Two Identical Beams leaning against each other in static equilibrium?

I'm really confused on this problem. I drew a FBD and got determined my forces in the x to be N(from plank right on plank left)=frictional force from the floor, and in the y i got the N(from floor onto the planks)=mg. I'm having trouble with the sum of the torque forces and in general figuring out the problem.

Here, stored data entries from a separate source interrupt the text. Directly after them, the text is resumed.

Lemma Ilin_not_vanish_4 z1 z2 z3 a b c m : c <> Czero -> curve_order [z1; z2; z3] m ->
  ord_ge (cubic_series z1 z2 z3) (S (4 * m)) -> ord_ge (s1mul z2 z2) (S (4 * m)) ->
  ord_ge (lin_series a b c z1 z2 z3) (S (4 * m)) -> False.
Proof.
  intros Hc Hm Hcub Hsq Hlin.
  destruct (curve_order3 _ _ _ _ Hm) as [Hnz [L1 [L2 L3]]].
  assert (Z2 : ord_ge z2 (S (2 * m))) by (intros j Hj; apply (ord_ge_sqr _ _ Hsq); lia).
  destruct (classic (z1 m = Czero)) as [E1|E1].
  - assert (E2 : z2 m = Czero) by (apply Z2; lia).
    destruct Hnz as [?|[?|E3]]; try contradiction.
    apply (Cmul_neq0 _ _ Hc E3). specialize (Hlin m ltac:(lia)).
    unfold lin_series, s1add, s1scale in Hlin. rewrite E1, E2 in Hlin. rewrite <- Hlin. ring.
  - assert (H23 : s1mul z2 z3 (3 * m)%nat = Czero)
      by (apply (ord_ge_mul _ _ (S (2 * m)) m); auto; lia).
    apply (Cmul_neq0 _ _ E1 (Cmul_neq0 _ _ E1 E1)).
    rewrite <- (cubic_series_lead z1 z2 z3 m L1 H23). apply Hcub. lia.
Qed.

Lemma Ilin_not_vanish_3 z1 z2 z3 b m : curve_order [z1; z2; z3] m ->
  ord_ge (cubic_series z1 z2 z3) (S (3 * m)) -> ord_ge (s1mul z2 z2) (S (3 * m)) ->
  ord_ge (lin_series Czero b Cone z1 z2 z3) (S (3 * m)) -> False.
Proof.
  intros Hm Hcub Hsq Hlin.
  destruct (curve_order3 _ _ _ _ Hm) as [Hnz [L1 [L2 L3]]].
  pose proof (ord_ge_sqr _ _ Hsq) as Z2.
  assert (Z3 : forall j, (j + j < S (3 * m))%nat -> z3 j = Czero).
  { intros j Hj. specialize (Hlin j ltac:(lia)). unfold lin_series, s1add, s1scale in Hlin.
    rewrite (Z2 j Hj) in Hlin. rewrite <- Hlin. ring. }
  destruct Hnz as [E1|[E2|E3]]; [|apply E2, Z2; lia|apply E3, Z3; lia].
  assert (H23 : s1mul z2 z3 (3 * m)%nat = Czero).
  { rewrite s1mul_sumC. apply sumC_zero. intros i Hi.
    destruct (Nat.le_gt_cases (i + i) (3 * m)); [rewrite Z2 | rewrite Z3]; try lia; ring. }
  apply (Cmul_neq0 _ _ E1 (Cmul_neq0 _ _ E1 E1)).
  rewrite <- (cubic_series_lead z1 z2 z3 m L1 H23). apply Hcub. lia.
Qed.

Definition poly2 (u v : Cx) : series1 :=
  fun k => match k with 1%nat => u | 2%nat => v | _ => Czero end.

Lemma is_germ1_poly2 u v : is_germ1 (poly2 u v).
Proof.
  exists (Cnorm u + Cnorm v), 1. intro k. rewrite pow1, Rmult_1_r.
  pose proof (Cnorm_nonneg u); pose proof (Cnorm_nonneg v).
  destruct k as [|[|[|k]]]; simpl; rewrite ?Cnorm_zero; lra.
Qed.

Lemma is_curve_poly2 u1 v1 u2 v2 u3 v3 : u1 <> Czero \/ u2 <> Czero \/ u3 <> Czero ->
  is_curve 3 [poly2 u1 v1; poly2 u2 v2; poly2 u3 v3].
Proof.
  intro H. split; [reflexivity|]. split; [repeat constructor; apply is_germ1_poly2|].
  destruct H as [H|[H|H]];
    [exists (poly2 u1 v1) | exists (poly2 u2 v2) | exists (poly2 u3 v3)];
    (split; [simpl; auto|exists 1%nat; exact H]).
Qed.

Any help is greatly appreciated!!!





Two identical uniform beams, each having a mass of 3 kg, are symmetrically set up against each other on a floor with which they have a coefficient of static friction µ = 0.603.





a) What is the minimum angle the beams can make with the floor without falling?


Θ = ? (°)





b) For the angle calculated in part (a), what is the magnitude of the force exerted on one beam by the other beam, at the apex?


|F1 2| = ? (N)





Next a heavy point mass 3 kg is balanced on the apex.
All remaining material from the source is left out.